● EXERCISE GOAL
Could you report every line from the entries that includes the word "dotC"?

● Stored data
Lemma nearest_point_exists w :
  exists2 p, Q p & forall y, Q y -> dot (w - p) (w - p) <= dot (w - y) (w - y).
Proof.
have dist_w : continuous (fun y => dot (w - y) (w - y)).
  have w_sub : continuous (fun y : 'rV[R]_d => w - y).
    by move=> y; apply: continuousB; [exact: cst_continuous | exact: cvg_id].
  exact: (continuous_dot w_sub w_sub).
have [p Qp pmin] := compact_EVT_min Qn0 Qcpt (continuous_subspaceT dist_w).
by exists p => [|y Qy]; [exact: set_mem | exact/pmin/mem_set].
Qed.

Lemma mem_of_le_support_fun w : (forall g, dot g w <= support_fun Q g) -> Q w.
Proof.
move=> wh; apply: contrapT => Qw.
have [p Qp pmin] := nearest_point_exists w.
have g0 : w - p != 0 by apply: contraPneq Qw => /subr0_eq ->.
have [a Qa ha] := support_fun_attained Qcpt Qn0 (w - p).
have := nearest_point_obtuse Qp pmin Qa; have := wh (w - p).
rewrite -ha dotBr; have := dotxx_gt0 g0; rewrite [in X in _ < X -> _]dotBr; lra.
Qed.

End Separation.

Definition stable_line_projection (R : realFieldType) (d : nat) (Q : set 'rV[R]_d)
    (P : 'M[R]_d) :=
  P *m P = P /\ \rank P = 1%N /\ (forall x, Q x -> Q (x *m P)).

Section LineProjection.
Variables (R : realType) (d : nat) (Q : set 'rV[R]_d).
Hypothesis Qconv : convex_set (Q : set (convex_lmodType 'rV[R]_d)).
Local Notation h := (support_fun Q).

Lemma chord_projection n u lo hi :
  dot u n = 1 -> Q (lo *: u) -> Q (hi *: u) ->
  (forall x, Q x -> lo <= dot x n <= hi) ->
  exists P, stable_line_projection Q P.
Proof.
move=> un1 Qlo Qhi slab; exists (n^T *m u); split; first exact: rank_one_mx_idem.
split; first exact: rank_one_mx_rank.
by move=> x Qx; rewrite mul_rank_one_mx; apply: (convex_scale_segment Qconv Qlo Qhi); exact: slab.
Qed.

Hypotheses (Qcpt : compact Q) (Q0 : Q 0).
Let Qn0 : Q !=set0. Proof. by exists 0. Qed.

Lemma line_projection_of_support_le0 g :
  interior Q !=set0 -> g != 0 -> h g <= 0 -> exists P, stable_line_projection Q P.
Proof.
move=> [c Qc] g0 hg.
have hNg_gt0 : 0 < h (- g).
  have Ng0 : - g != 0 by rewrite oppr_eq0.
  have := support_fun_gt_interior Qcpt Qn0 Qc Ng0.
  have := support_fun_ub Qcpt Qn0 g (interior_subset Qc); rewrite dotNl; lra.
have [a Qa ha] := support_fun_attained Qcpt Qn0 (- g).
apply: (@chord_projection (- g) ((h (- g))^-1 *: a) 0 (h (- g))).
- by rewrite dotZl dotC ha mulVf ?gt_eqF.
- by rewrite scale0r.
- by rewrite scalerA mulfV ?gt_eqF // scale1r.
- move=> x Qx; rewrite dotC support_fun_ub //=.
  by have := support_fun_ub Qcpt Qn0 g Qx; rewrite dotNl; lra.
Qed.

---

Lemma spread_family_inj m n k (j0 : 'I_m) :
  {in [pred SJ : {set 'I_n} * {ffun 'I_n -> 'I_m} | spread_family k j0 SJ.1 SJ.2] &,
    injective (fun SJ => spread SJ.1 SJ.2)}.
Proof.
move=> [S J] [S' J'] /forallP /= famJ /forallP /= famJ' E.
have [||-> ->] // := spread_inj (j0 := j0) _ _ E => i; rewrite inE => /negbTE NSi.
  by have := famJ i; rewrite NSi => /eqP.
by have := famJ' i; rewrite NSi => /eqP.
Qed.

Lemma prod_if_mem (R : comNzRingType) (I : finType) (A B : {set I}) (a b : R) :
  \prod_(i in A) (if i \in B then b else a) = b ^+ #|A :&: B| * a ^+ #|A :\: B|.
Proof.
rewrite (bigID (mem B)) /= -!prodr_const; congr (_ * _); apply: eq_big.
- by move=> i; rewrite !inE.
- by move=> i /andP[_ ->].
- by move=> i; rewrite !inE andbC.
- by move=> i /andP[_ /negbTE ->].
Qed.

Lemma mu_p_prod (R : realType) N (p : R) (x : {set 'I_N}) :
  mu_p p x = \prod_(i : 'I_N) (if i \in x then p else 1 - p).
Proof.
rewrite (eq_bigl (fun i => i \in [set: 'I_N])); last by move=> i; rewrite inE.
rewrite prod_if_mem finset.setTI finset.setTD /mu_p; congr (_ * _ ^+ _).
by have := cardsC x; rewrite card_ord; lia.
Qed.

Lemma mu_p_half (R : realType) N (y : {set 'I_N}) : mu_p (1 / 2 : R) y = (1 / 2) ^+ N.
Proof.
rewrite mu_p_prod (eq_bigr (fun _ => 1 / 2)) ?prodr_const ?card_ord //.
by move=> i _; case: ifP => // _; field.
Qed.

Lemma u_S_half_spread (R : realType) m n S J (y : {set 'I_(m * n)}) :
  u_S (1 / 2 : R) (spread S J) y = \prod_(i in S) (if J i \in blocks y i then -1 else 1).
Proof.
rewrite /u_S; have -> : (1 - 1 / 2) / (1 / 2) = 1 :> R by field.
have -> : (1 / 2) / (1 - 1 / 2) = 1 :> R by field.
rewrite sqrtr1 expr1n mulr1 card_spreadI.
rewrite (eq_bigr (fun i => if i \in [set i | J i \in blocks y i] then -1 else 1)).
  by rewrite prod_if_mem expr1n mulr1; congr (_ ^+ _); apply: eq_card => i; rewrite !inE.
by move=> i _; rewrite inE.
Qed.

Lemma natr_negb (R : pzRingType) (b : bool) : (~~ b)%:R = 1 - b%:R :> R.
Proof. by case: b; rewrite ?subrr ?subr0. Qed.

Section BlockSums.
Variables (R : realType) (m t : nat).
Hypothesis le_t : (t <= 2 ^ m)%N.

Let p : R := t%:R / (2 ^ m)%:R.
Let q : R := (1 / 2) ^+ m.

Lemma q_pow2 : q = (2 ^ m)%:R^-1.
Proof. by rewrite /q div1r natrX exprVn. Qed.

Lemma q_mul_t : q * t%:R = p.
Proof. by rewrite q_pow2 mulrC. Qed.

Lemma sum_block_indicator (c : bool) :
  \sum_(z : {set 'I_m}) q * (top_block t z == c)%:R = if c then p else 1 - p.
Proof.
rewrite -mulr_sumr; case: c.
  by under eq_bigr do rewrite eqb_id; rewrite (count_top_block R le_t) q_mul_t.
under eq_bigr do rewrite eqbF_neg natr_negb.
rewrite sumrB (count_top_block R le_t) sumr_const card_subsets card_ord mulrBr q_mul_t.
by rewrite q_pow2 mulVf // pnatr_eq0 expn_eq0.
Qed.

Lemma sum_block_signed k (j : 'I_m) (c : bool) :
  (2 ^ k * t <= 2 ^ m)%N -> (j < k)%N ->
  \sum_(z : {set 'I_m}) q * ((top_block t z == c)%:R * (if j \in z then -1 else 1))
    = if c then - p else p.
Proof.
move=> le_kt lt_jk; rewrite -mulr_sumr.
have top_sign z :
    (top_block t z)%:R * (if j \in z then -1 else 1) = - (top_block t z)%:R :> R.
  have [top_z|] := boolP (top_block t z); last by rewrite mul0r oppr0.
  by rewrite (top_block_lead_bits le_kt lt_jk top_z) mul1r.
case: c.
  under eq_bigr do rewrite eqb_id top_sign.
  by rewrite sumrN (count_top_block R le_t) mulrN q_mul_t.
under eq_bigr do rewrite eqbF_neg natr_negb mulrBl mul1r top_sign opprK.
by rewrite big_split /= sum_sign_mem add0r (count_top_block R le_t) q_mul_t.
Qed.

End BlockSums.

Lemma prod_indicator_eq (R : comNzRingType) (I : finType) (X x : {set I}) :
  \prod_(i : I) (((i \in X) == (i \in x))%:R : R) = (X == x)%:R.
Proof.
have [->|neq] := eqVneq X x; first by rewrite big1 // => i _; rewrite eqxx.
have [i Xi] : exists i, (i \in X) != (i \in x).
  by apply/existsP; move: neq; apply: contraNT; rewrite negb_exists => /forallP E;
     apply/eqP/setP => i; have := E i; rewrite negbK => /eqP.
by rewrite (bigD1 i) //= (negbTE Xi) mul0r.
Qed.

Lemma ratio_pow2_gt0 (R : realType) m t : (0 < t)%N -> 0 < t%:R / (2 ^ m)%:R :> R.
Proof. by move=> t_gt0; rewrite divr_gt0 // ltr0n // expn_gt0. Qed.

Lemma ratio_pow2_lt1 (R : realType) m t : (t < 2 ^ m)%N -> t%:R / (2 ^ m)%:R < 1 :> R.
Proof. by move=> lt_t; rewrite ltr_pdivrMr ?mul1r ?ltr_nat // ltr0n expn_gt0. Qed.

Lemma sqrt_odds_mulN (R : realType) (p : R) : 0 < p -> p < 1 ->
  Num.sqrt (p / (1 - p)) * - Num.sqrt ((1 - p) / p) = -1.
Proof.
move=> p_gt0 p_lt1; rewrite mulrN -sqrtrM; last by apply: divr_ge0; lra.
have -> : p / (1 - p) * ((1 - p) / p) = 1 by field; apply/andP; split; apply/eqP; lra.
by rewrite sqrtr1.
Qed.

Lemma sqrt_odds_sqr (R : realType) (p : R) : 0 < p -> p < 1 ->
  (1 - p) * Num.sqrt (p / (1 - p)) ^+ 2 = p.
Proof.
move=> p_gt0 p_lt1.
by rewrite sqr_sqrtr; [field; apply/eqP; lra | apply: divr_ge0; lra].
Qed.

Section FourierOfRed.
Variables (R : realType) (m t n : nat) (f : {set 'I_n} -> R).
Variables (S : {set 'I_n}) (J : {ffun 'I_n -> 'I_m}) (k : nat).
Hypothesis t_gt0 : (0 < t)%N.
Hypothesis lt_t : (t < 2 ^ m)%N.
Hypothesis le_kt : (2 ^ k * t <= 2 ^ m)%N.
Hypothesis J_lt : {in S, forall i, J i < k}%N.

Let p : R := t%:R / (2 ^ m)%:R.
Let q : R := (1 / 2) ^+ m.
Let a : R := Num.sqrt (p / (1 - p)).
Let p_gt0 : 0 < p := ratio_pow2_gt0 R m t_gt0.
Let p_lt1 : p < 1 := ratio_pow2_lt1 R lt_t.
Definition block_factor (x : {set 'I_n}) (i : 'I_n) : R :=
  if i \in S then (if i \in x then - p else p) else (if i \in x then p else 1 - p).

● THE COMPLETED TASK
- by rewrite dotZl dotC ha mulVf ?gt_eqF.
- move=> x Qx; rewrite dotC support_fun_ub //=.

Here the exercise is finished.